Thanks guys! been having way to much fun tinkering with this thing. never can leave well enough alone.


----------



## WOODINSKIFF12 (Jun 20, 2012)

The jack plate pushed the motor back about 6". It sorta needed a tiller extension before so now i had to have one. made one out of a baseball bat lol...... actually i made two! silver is 11.5" and the black is 18"


----------



## WOODINSKIFF12 (Jun 20, 2012)

devrep said:


> nice. we completely redid a 1967 14 footer 2 or 3 years ago. good little boats.


This is the first V bottom aluminum boat i have had and i am hooked! where we go gets rough but the inlets are super shallow. these boats are perfect for that. killer top speed to for the size


----------



## WhiteDog70810 (May 6, 2008)

It is funny you mention the speed. In the Midwest, these are common as dirt, but always underpowered. Most had 10 HP or less for the all the HP restricted lakes. A few had 15 HP motors and they were still slow. I remember them all being dogs. Admittedly, no one ever switched out a prop to increase the performance.

Nate


----------



## devrep (Feb 22, 2009)

here's the 14 footer we redid. before and after.














there is a lengthy build thread on this forum somewhere.


----------



## devrep (Feb 22, 2009)

in the 1st pic my son was 9. he was 30 when the after pic was taken.


----------



## WOODINSKIFF12 (Jun 20, 2012)

WhiteDog70810 said:


> It is funny you mention the speed. In the Midwest, these are common as dirt, but always underpowered. Most had 10 HP or less for the all the HP restricted lakes. A few had 15 HP motors and they were still slow. I remember them all being dogs. Admittedly, no one ever switched out a prop to increase the performance.
> 
> Nate


its actually rated for a 50! she would be a rocket with that kinda power. i started with a 10p and settled on a 12P solas and i run the jack plate up high as well. i think the hull is around 250 pounds


----------



## WOODINSKIFF12 (Jun 20, 2012)

devrep said:


> in the 1st pic my son was 9. he was 30 when the after pic was taken.

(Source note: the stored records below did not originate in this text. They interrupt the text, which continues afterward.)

(* Let $|\psi\rangle$ be an $N$-qubit state and $|\psi'\rangle$ an $n$-qubit state with $N\ge n$, such that $|\psi\rangle$ can be transformed into $|\psi'\rangle|0\rangle^{\otimes(N-n)}$ (with $|\psi'\rangle$ on some set of $n$ of the qubits) by stochastic local operations and classical communication (SLOCC) with non-zero probability. Then $\chi_{\mathrm{wd}}(|\psi\rangle)\ge\chi_{\mathrm{wd}}(|\psi'\rangle)$. Consequently, the Schmidt-rank width is both a type I and a type II entanglement monotone.
   Context: A subcubic tree is a tree with all vertex degrees in $\{1,3\}$; its degree-1 vertices are leaves. For an $N$-qubit state $|\psi\rangle$ on $V=\{1,\dots,N\}$, consider subcubic trees $T$ with $N$ leaves identified with the qubits; deleting an edge $e$ of $T$ induces a bipartition $(A^e_T,B^e_T)$ of $V$. Let $\chi_{A,B}(|\psi\rangle)=\mathrm{rank}(\rho_A)$, $\rho_A=\mathrm{Tr}_B|\psi\rangle\langle\psi|$ (the Schmidt rank). The Schmidt-rank width is $\chi_{\mathrm{wd}}(|\psi\rangle)=\min_T\max_{e\in T}\log_2\chi_{A^e_T,B^e_T}(|\psi\rangle)$. A type I entanglement monotone is a functional $M$ such that for every LOCC protocol on $n$ qubits mapping $|\psi\rangle$ to $n$-qubit states $|\psi_i\rangle$ with probabilities $p_i$, $M(|\psi\rangle)\ge\sum_ip_iM(|\psi_i\rangle)$. Write $|\psi\rangle\geq_{\mathrm{LOCC}}|\phi\rangle$ ($N$-qubit $|\psi\rangle$, $n$-qubit $|\phi\rangle$, $n\le N$) if for some set $A$ of $n$ qubits $|\psi\rangle\to|\phi\rangle^A|0\rangle^{\bar A}$ is achievable exactly with probability one by LOCC; a type II entanglement monotone is a functional $E$ on all multi-qubit states with $E(|\psi\rangle)\ge E(|\psi'\rangle)$ whenever $|\psi\rangle\geq_{\mathrm{LOCC}}|\psi'\rangle$. *)

From HB Require Import structures.
From mathcomp Require Import all_boot all_order all_algebra.
From mathcomp Require Import boolp reals exp.
From mathcomp Require Import complex.

Set Implicit Arguments.
Unset Strict Implicit.
Unset Printing Implicit Defensive.
Import Order.TTheory GRing.Theory Num.Theory.
Local Open Scope ring_scope.

Section QuantumDefs.
Variable R : realType.
Local Notation C := (R[i]).

Definition config (N : nat) := {ffun 'I_N -> bool}.
(* An (unnormalized) vector of the N-qubit Hilbert space (C^2)^{\otimes N}. *)
Definition qstate (N : nat) := {ffun config N -> C}.

Definition sqmod (z : C) : R := (complex.Re z) ^+ 2 + (complex.Im z) ^+ 2.
Definition norm2 N (psi : qstate N) : R := \sum_x sqmod (psi x).
Definition normalized N (psi : qstate N) := norm2 psi = 1.

Definition partA N (A : {set 'I_N}) := {ffun {i : 'I_N | i \in A} -> bool}.

Definition merge N (A : {set 'I_N}) (a : partA A) (b : partA (~: A)) : config N :=
  [ffun i => match (insub i : option {j : 'I_N | j \in A}) with
             | Some s => a s
             | None => match (insub i : option {j : 'I_N | j \in ~: A}) with
                       | Some t => b t
                       | None => false
                       end
             end].

(* reduced density matrix rho_A = Tr_B |psi><psi| *)
Definition rhoA N (psi : qstate N) (A : {set 'I_N}) : 'M[C]_(#|{: partA A}|) :=
  \matrix_(r, c) \sum_(b : partA (~: A))
      psi (merge (enum_val r) b) * (psi (merge (enum_val c) b))^*.

Definition schmidt_rank N (psi : qstate N) (A : {set 'I_N}) : nat := \rank (rhoA psi A).

(* vertex set 'I_m, adjacency relation adj, leaf labelling lab : qubits -> vertices *)
Definition degree m (adj : rel 'I_m) (v : 'I_m) : nat := #|[set w | adj v w]|.

Definition remove_edge m (adj : rel 'I_m) (u v : 'I_m) : rel 'I_m :=
  fun x y => adj x y && ~~ (((x == u) && (y == v)) || ((x == v) && (y == u))).

Definition is_tree m (adj : rel 'I_m) : Prop :=
  [/\ (0 < m)%N, symmetric adj, irreflexive adj,
      (forall x y, connect adj x y) &
      (forall u v, adj u v -> ~~ connect (remove_edge adj u v) u v)].

(* Subcubic tree whose leaves are identified with the qubits 1..N.
   Degrees are in {1,3}; the one-vertex tree (N = 1, a single leaf of degree 0)
   is also admitted. Leaves = vertices of degree <= 1. *)
Definition subcubic_tree N m (adj : rel 'I_m) (lab : 'I_N -> 'I_m) : Prop :=
  [/\ is_tree adj,
      (forall v, [|| degree adj v == 1%N, degree adj v == 3%N | m == 1%N]),
      injective lab &
      (forall v, (degree adj v <= 1)%N <-> exists q, lab q = v)].

Definition side N m (adj : rel 'I_m) (lab : 'I_N -> 'I_m) (u v : 'I_m) : {set 'I_N} :=
  [set q | connect (remove_edge adj u v) u (lab q)].

(* max over edges of the Schmidt rank (the maximum of log2 is log2 of the maximum);
   1 is the neutral value (Schmidt ranks of nonzero vectors are >= 1). *)
Definition tree_width N (psi : qstate N) m (adj : rel 'I_m) (lab : 'I_N -> 'I_m) : nat :=
  \big[maxn/1%N]_(e : 'I_m * 'I_m | adj e.1 e.2) schmidt_rank psi (side adj lab e.1 e.2).

Definition width_achievable N (psi : qstate N) (k : nat) : Prop :=
  exists m (adj : rel 'I_m) (lab : 'I_N -> 'I_m),
    subcubic_tree adj lab /\ tree_width psi adj lab = k.

Definition min_width N (psi : qstate N) : nat :=
  match pselect (exists k, `[< width_achievable psi k >]) with
  | left h => ex_minn h
  | right _ => 0%N
  end.

Definition log2 (x : R) : R := ln x / ln 2.

Definition chi_wd N (psi : qstate N) : R := log2 (min_width psi)%:R.

Definition bidx (b : bool) : 'I_2 := if b then ord_max else ord0.

(* action of the product operator  O_1 (x) ... (x) O_N  on a state *)
Definition apply_local N (Op : {ffun 'I_N -> 'M[C]_2}) (psi : qstate N) : qstate N :=
  [ffun x : config N => \sum_(y : config N)
               (\prod_(j < N) Op j (bidx (x j)) (bidx (y j))) * psi y].

Definition adjoint (M : 'M[C]_2) : 'M[C]_2 := (map_mx Num.conj M)^T.

(* LOCC protocols on N qubits (no ancillas): a finite tree of rounds; in each
   round one party k performs a local measurement with Kraus operators
   M_0..M_{m-1}, broadcasts the outcome, and the rest of the protocol may
   depend on all outcomes so far. *)
Inductive locc (N : nat) : Type :=
| LDone : locc N
| LMeas (k : 'I_N) (m : nat) (M : 'I_m -> 'M[C]_2) (next : 'I_m -> locc N).

Fixpoint locc_valid N (P : locc N) : Prop :=
  match P with
  | LDone => True
  | LMeas k m M next =>
      \sum_(i < m) adjoint (M i) *m M i = 1%:M /\ forall i, locc_valid (next i)
  end.

(* the branches (outcome sequences) of a protocol, each as the product
   operator accumulated on each qubit (later operations act on the left) *)
Fixpoint branches N (P : locc N) : seq {ffun 'I_N -> 'M[C]_2} :=
  match P with
  | LDone => [:: [ffun _ => 1%:M]]
  | LMeas k m M next =>
      flatten [seq [seq [ffun j => if j == k then Op j *m M i else Op j]
                   | Op : {ffun 'I_N -> 'M[C]_2} <- branches (next i)] | i <- enum 'I_m]
  end.
(* Parallelogram law applied to the residuals at u, v and at their midpoint. *)
Lemma misfit_parallelogram (g : R) (u v : H) :
  (forall x, g <= misfit x) ->
  Re (hinner (T (hadd u (hopp v))) (T (hadd u (hopp v)))) <= 2 * misfit u + 2 * misfit v - 4 * g.
Proof.
  intro Hg. pose proof (Hg (hscal (mkC (/ 2) 0) (hadd u v))) as G.
  destruct Tlin as [Ta Ts]. rewrite lin_sub by (split; auto).
  unfold misfit, residual in *. rewrite Ts, Ta in G. expand_in G. csimpl. expand. csimpl.
  ring_simplify. ring_simplify in G. lra.
Qed.

Lemma minimizing_sequence_cauchy (c g : R) (xs : nat -> H) :
  0 < c -> (forall x, c * hnorm x <= hnorm (T x)) -> (forall x, g <= misfit x) ->
  (forall n, misfit (xs n) < g + / (INR n + 1)) ->
  forall eps, 0 < eps -> exists N, forall n k, (N <= n)%nat -> (N <= k)%nat ->
    hnorm (hadd (xs n) (hopp (xs k))) < eps.
Proof.
  intros c0 Hlow Hg Hxs eps He.
  destruct (inv_succ_small (c * c * (eps * eps) / 8)) as [N HN].
  { apply Rmult_lt_0_compat; [|lra]. apply Rmult_lt_0_compat; nra. }
  exists N. intros n k Hn Hk. pose proof (HN n Hn). pose proof (HN k Hk).
  set (w := hadd (xs n) (hopp (xs k))).
  pose proof (misfit_parallelogram g (xs n) (xs k) Hg) as P. fold w in P.
  pose proof (Hxs n). pose proof (Hxs k).
  assert (L : c * c * Re (hinner w w) <= Re (hinner (T w) (T w))).
  { rewrite <- !hnorm_sq. pose proof (Hlow w). pose proof (hnorm_nonneg _ w).
    assert (0 <= c * hnorm w) by nra.
    assert (c * hnorm w * (c * hnorm w) <= hnorm (T w) * hnorm (T w)) by (apply Rmult_le_compat; lra).
    simpl. lra. }
  assert (Q : Re (hinner w w) < eps * eps).
  { apply (Rmult_lt_reg_l (c * c)); [nra|].
    assert (0 < c * c * (eps * eps)) by (apply Rmult_lt_0_compat; nra). lra. }
  unfold hnorm. rewrite <- (sqrt_square eps) by lra.
  apply sqrt_lt_1_alt. split; [apply hinner_pos | exact Q].
Qed.

Lemma residual_lipschitz (M : R) (u v : H) :
  (forall x, hnorm (T x) <= M * hnorm x) ->
  hnorm (residual v) <= hnorm (residual u) + M * hnorm (hadd u (hopp v)).
Proof.
  intro HM. eapply Rle_trans; [|apply Rplus_le_compat_l, HM].
  rewrite lin_sub by auto. eapply Rle_trans; [|apply norm_triangle].
  right. f_equal. unfold residual. veq.
Qed.

Lemma misfit_at_limit (M g : R) (xs : nat -> H) (l : H) :
  0 <= M -> (forall x, hnorm (T x) <= M * hnorm x) -> 0 <= g ->
  (forall n, misfit (xs n) < g + / (INR n + 1)) ->
  (forall eps, 0 < eps -> exists N, forall n, (N <= n)%nat ->
     hnorm (hadd (xs n) (hopp l)) < eps) ->
  misfit l <= g.
Proof.
  intros HM0 HM g0 Hxs Hl. apply Rnot_lt_le. intro Big.
  set (rho := hnorm (residual l) - sqrt g).
  assert (rho0 : 0 < rho).
  { assert (sqrt g < sqrt (misfit l)) by (apply sqrt_lt_1_alt; lra).
    unfold rho, hnorm. fold (misfit l). lra. }
  destruct (inv_succ_small (rho * rho / 4)) as [N1 HN1]; [nra|].
  destruct (Hl (rho / (2 * (M + 1)))) as [N2 HN2]; [apply Rdiv_lt_0_compat; lra|].
  set (n := max N1 N2).
  specialize (HN1 n (Nat.le_max_l _ _)). specialize (HN2 n (Nat.le_max_r _ _)).
  assert (S1 : hnorm (residual (xs n)) < sqrt g + rho / 2).
  { apply Rle_lt_trans with (sqrt (g + / (INR n + 1))).
    - apply sqrt_le_1_alt. pose proof (Hxs n). unfold misfit in *. lra.
    - assert (0 < / (INR n + 1)) by (apply Rinv_0_lt_compat; pose proof (pos_INR n); lra).
      eapply Rle_lt_trans; [apply sqrt_add_le; lra|]. apply Rplus_lt_compat_l.
      rewrite <- (sqrt_square (rho / 2)) by lra. apply sqrt_lt_1_alt. lra. }
  assert (S2 : M * hnorm (hadd (xs n) (hopp l)) < rho / 2).
  { pose proof (hnorm_nonneg _ (hadd (xs n) (hopp l))).
    apply Rle_lt_trans with ((M + 1) * hnorm (hadd (xs n) (hopp l))); [nra|].
    replace (rho / 2) with ((M + 1) * (rho / (2 * (M + 1)))) by (field; lra).
    apply Rmult_lt_compat_l; lra. }
  pose proof (residual_lipschitz M (xs n) l HM). unfold rho in *. lra.
Qed.
Lemma ball_lift_sp11 q : qnorm2 q < 1 -> inSp11 (ball_lift q).
Proof.
move=> hq; have hs : 0 < Num.sqrt (1 - qnorm2 q) by rewrite sqrtr_gt0 subr_gt0.
have hk : (Num.sqrt (1 - qnorm2 q))^-1 ^+ 2 * (1 - qnorm2 q) = 1.
  by rewrite exprVn sqr_sqrtr ?subr_ge0 ?(ltW hq) // mulVf // subr_eq0 eq_sym lt_eqF.
rewrite /ball_lift /inSp11; move: hk; move: (_^-1) => k; rewrite /qnorm2 => hk.
by apply: mat_ext; apply: quat_ext => /=; lra.
Qed.

Lemma phi_point_ball_lift q : qnorm2 q < 1 -> phi_point (ball_lift q) = q.
Proof.
move=> hq; have hs : 0 < Num.sqrt (1 - qnorm2 q) by rewrite sqrtr_gt0 subr_gt0.
rewrite /phi_point /= qrealV invrK qreal_comm -mulrA -qrealM mulVf ?lt0r_neq0 //.
by rewrite qreal1 mulr1.
Qed.

Lemma induced_iff (ft : mat2 R -> mat2 R) (g : quat R -> quat R) (f : Ball R -> Ball R) :
  (forall X, inSp11 X -> inSp11 (ft X)) ->
  (forall X, inSp11 X -> phi_point (ft X) = g (phi_point X)) ->
  induced ft f <-> forall p, val (f p) = g (val p).
Proof.
move=> hsp hg; split => [hf p | hf X hX p].
  have hp : qnorm2 (val p) < 1 := valP p.
  have hX := ball_lift_sp11 hp.
  have hl : Phi_rel (ball_lift (val p)) p by apply/Phi_relP; rewrite ?phi_point_ball_lift.
  by rewrite ((Phi_relP (f p) (hsp _ hX)).1 (hf _ hX _ hl)) hg // phi_point_ball_lift.
by move/(Phi_relP p hX) => e; apply/(Phi_relP (f p) (hsp _ hX)); rewrite hf hg // e.
Qed.

End InducedMaps.

Section Translations.
Variable R : realType.
Implicit Types q u : quat R.
Implicit Types A X : mat2 R.
Implicit Types a b c d : R.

Shes a beautie! the lines of the hull are so similar. bet that thing moves!


----------



## WhiteDog70810 (May 6, 2008)

WOODINSKIFF12 said:


> its actually rated for a 50! she would be a rocket with that kinda power. i started with a 10p and settled on a 12P solas and i run the jack plate up high as well. i think the hull is around 250 pounds


Ours was an old 14’ Starcraft with a white Mercury 15 HP that my dad bought used in Iowa in spring 1982. Based on how hard it was to cold start in the morning, its compression was probably jacked up and I’ll bet money it was under-propped. My dad sold it to a guy who sold it another guy who put a 35 HP on it. By all reports, it was scary fast.

Nate


----------